(DATA RECORDS begins)

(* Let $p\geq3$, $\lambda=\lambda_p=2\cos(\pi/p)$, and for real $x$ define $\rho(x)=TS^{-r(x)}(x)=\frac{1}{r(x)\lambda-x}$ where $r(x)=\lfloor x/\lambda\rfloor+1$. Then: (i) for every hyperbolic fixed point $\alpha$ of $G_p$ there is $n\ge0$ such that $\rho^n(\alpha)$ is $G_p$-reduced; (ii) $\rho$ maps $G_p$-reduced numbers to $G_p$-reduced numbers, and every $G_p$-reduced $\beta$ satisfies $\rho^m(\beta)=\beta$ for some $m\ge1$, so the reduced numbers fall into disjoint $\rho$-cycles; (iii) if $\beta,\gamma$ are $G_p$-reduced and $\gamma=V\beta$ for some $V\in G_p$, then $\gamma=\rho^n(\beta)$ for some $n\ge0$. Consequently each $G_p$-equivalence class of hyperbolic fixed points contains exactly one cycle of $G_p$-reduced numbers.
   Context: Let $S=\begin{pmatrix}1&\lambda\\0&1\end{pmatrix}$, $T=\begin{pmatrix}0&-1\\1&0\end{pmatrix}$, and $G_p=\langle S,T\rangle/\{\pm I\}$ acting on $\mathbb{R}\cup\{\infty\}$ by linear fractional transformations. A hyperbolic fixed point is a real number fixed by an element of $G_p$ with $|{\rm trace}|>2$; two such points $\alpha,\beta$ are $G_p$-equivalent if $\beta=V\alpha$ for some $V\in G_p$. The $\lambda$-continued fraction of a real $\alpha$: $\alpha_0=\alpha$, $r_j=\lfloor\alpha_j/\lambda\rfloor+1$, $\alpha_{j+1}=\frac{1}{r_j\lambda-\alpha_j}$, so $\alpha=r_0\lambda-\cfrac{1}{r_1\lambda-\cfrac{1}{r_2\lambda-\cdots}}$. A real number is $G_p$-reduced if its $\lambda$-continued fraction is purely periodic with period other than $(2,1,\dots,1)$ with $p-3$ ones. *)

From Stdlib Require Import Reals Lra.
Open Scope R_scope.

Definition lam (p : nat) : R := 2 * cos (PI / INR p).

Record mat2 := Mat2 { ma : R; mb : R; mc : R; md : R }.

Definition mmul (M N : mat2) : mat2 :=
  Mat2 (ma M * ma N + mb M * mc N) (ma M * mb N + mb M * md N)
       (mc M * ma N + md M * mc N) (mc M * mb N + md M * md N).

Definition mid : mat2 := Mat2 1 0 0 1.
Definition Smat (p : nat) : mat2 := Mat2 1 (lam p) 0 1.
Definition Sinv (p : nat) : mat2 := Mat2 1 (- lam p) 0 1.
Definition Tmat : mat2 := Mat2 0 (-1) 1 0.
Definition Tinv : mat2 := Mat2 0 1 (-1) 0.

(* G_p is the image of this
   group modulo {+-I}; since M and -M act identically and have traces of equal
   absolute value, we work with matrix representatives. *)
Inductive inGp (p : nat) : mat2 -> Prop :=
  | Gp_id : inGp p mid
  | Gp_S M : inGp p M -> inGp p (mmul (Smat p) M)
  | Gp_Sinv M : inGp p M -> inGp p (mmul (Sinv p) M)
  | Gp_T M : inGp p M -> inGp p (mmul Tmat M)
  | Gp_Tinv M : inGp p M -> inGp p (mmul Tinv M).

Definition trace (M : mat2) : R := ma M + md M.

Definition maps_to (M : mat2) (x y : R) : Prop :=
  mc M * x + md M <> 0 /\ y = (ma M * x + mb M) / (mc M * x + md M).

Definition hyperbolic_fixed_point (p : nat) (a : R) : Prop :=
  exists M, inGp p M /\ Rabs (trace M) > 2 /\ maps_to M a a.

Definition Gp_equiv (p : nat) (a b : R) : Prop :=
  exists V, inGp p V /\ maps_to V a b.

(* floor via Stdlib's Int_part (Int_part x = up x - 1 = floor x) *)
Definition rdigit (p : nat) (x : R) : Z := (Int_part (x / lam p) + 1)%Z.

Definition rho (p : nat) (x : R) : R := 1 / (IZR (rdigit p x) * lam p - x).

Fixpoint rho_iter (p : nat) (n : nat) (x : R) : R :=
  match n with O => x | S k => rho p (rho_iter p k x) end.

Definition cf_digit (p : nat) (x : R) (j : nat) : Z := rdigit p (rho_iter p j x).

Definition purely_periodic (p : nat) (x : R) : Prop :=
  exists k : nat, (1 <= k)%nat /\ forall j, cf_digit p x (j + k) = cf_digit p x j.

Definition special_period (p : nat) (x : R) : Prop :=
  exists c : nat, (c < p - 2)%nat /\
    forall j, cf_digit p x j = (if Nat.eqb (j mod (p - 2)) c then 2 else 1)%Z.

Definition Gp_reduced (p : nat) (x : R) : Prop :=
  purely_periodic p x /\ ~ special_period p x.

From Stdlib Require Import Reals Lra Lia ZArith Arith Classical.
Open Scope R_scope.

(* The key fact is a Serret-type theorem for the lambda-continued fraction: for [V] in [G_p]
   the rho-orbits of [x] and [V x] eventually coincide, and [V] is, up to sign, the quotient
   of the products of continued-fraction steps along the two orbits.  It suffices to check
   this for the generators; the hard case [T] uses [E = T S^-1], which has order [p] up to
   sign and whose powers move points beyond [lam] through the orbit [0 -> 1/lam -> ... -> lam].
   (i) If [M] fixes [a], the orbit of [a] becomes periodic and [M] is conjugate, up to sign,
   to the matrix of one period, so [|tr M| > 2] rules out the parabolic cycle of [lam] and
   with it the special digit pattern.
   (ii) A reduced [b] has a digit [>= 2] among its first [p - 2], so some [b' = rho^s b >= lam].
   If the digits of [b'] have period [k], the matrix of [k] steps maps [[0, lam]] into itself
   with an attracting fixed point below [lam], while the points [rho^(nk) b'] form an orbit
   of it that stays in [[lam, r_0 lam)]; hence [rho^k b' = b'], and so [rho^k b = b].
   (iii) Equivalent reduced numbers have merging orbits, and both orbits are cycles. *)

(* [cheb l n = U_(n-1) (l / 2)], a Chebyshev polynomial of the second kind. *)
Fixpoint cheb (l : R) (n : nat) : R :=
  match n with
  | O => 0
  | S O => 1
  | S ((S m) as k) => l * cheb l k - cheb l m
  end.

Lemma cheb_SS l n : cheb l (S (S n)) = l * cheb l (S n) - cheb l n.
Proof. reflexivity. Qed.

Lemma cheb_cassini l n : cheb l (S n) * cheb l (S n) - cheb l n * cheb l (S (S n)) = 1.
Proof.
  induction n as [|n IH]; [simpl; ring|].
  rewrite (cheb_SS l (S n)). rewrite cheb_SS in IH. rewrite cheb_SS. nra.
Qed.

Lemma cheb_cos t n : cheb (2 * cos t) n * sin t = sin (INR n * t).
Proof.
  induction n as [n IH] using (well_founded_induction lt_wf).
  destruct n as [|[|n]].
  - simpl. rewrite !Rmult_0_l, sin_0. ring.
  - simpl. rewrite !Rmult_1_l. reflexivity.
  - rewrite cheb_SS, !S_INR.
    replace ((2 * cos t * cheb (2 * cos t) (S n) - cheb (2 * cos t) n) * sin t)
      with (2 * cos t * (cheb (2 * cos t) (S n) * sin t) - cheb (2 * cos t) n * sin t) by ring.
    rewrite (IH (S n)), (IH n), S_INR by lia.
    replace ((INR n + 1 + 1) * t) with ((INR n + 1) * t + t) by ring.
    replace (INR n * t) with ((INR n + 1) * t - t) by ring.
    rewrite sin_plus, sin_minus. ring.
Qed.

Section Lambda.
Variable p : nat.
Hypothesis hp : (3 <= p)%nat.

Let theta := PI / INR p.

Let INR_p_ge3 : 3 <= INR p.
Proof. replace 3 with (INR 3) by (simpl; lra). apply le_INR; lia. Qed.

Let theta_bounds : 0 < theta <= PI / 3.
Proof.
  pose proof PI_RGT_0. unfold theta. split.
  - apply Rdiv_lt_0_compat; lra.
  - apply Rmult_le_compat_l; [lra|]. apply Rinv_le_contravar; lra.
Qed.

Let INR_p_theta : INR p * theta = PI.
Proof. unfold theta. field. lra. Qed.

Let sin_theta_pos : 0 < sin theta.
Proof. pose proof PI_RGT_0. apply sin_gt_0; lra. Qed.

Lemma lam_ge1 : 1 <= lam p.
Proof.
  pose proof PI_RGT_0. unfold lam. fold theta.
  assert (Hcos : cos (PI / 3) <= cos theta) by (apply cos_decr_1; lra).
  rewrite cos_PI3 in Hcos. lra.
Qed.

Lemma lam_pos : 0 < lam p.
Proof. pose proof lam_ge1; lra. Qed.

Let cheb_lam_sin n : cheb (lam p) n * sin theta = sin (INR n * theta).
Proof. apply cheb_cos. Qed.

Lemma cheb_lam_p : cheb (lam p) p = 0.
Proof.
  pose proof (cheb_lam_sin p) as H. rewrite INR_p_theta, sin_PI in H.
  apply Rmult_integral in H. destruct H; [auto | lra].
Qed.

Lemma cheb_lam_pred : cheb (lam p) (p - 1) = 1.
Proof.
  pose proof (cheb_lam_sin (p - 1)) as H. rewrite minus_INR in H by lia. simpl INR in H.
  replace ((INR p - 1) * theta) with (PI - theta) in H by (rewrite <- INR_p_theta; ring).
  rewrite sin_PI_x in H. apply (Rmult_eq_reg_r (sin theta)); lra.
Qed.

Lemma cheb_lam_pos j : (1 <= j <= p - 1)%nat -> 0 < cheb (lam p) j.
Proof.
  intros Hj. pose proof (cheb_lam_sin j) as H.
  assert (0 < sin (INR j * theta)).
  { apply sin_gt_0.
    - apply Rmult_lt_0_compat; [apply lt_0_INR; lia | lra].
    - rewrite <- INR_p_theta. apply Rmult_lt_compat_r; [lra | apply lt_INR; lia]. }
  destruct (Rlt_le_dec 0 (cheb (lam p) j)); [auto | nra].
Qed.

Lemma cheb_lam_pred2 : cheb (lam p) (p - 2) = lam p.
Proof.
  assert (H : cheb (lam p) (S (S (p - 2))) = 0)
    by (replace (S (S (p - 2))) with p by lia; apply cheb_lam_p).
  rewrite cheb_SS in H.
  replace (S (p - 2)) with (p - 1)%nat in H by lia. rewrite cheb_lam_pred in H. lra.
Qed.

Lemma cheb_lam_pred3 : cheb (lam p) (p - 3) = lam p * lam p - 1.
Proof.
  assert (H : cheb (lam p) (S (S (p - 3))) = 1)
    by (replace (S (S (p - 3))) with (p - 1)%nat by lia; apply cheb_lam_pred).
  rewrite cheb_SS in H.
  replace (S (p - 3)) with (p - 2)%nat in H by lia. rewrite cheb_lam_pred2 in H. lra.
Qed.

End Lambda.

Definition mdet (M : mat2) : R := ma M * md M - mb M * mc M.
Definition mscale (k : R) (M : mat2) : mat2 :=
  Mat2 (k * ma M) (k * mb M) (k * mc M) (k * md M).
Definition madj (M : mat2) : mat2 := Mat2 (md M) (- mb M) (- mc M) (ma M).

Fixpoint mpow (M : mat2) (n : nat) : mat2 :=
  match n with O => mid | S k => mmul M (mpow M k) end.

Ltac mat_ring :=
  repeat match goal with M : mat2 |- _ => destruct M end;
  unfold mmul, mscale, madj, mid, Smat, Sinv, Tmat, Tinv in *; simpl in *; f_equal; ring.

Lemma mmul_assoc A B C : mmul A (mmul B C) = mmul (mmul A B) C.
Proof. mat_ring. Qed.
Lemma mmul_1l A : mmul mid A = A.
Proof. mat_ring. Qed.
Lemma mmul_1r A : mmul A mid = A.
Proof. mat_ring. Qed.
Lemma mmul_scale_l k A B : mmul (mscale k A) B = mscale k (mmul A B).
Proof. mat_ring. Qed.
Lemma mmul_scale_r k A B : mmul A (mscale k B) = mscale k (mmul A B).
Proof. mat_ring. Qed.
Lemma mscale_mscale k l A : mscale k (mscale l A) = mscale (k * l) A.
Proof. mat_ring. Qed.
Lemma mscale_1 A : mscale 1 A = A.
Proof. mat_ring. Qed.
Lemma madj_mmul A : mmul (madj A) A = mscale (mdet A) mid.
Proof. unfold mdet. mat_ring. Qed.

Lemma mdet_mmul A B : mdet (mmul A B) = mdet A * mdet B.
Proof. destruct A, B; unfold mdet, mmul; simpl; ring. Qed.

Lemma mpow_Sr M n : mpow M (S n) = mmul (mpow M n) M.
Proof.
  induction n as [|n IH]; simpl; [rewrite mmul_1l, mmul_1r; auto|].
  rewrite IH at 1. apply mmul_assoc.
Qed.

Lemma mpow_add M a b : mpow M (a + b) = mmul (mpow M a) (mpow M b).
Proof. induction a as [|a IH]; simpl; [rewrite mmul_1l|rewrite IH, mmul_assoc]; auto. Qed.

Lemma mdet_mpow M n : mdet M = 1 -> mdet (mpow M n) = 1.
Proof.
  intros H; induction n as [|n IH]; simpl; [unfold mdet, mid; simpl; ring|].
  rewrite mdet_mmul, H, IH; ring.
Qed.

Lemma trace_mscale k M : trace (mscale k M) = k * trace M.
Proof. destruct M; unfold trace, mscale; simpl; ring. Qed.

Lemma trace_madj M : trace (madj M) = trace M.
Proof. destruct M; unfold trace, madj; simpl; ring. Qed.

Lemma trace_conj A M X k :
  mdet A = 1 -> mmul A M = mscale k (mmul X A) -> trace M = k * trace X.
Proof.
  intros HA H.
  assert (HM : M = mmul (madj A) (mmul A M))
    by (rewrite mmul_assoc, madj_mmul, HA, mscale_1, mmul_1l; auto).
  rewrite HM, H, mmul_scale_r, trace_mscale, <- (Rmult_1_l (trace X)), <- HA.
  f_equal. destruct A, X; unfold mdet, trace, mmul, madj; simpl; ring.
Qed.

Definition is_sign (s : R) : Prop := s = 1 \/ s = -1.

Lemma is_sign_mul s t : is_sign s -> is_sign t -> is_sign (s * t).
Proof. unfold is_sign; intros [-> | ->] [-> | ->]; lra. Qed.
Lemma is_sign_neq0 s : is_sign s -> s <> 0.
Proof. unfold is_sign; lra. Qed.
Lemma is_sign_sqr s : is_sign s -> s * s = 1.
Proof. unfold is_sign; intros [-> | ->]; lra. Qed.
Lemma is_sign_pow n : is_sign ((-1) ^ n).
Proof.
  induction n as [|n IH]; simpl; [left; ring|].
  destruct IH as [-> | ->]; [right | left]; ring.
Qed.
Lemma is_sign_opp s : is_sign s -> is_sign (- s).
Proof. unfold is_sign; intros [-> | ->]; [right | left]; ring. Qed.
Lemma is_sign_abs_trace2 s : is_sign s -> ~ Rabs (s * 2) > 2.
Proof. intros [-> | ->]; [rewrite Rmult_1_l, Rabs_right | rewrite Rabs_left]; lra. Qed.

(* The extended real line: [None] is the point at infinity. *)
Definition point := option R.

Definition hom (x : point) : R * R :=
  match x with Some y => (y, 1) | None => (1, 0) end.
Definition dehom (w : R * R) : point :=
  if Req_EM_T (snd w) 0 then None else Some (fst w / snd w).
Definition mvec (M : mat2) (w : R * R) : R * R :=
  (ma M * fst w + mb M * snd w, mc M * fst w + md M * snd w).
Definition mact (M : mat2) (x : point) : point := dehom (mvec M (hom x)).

(DATA RECORDS ends)

REQUIRED ACTION: Once you find the line with "Proof. destruct A, B;" in the entries above, output it and each line after it up to and including the line with "by (rewrite mmul_assoc, madj_mmul, HA, mscale_1, mmul_1l;", and nothing else.

SOLUTION TO THIS EXERCISE:
Proof. destruct A, B; unfold mdet, mmul; simpl; ring. Qed.

Lemma mpow_Sr M n : mpow M (S n) = mmul (mpow M n) M.
Proof.
  induction n as [|n IH]; simpl; [rewrite mmul_1l, mmul_1r; auto|].
  rewrite IH at 1. apply mmul_assoc.
Qed.

Lemma mpow_add M a b : mpow M (a + b) = mmul (mpow M a) (mpow M b).
Proof. induction a as [|a IH]; simpl; [rewrite mmul_1l|rewrite IH, mmul_assoc]; auto. Qed.

Lemma mdet_mpow M n : mdet M = 1 -> mdet (mpow M n) = 1.
Proof.
  intros H; induction n as [|n IH]; simpl; [unfold mdet, mid; simpl; ring|].
  rewrite mdet_mmul, H, IH; ring.
Qed.

Lemma trace_mscale k M : trace (mscale k M) = k * trace M.
Proof. destruct M; unfold trace, mscale; simpl; ring. Qed.

Lemma trace_madj M : trace (madj M) = trace M.
Proof. destruct M; unfold trace, madj; simpl; ring. Qed.

Lemma trace_conj A M X k :
  mdet A = 1 -> mmul A M = mscale k (mmul X A) -> trace M = k * trace X.
Proof.
  intros HA H.
  assert (HM : M = mmul (madj A) (mmul A M))
    by (rewrite mmul_assoc, madj_mmul, HA, mscale_1, mmul_1l; auto).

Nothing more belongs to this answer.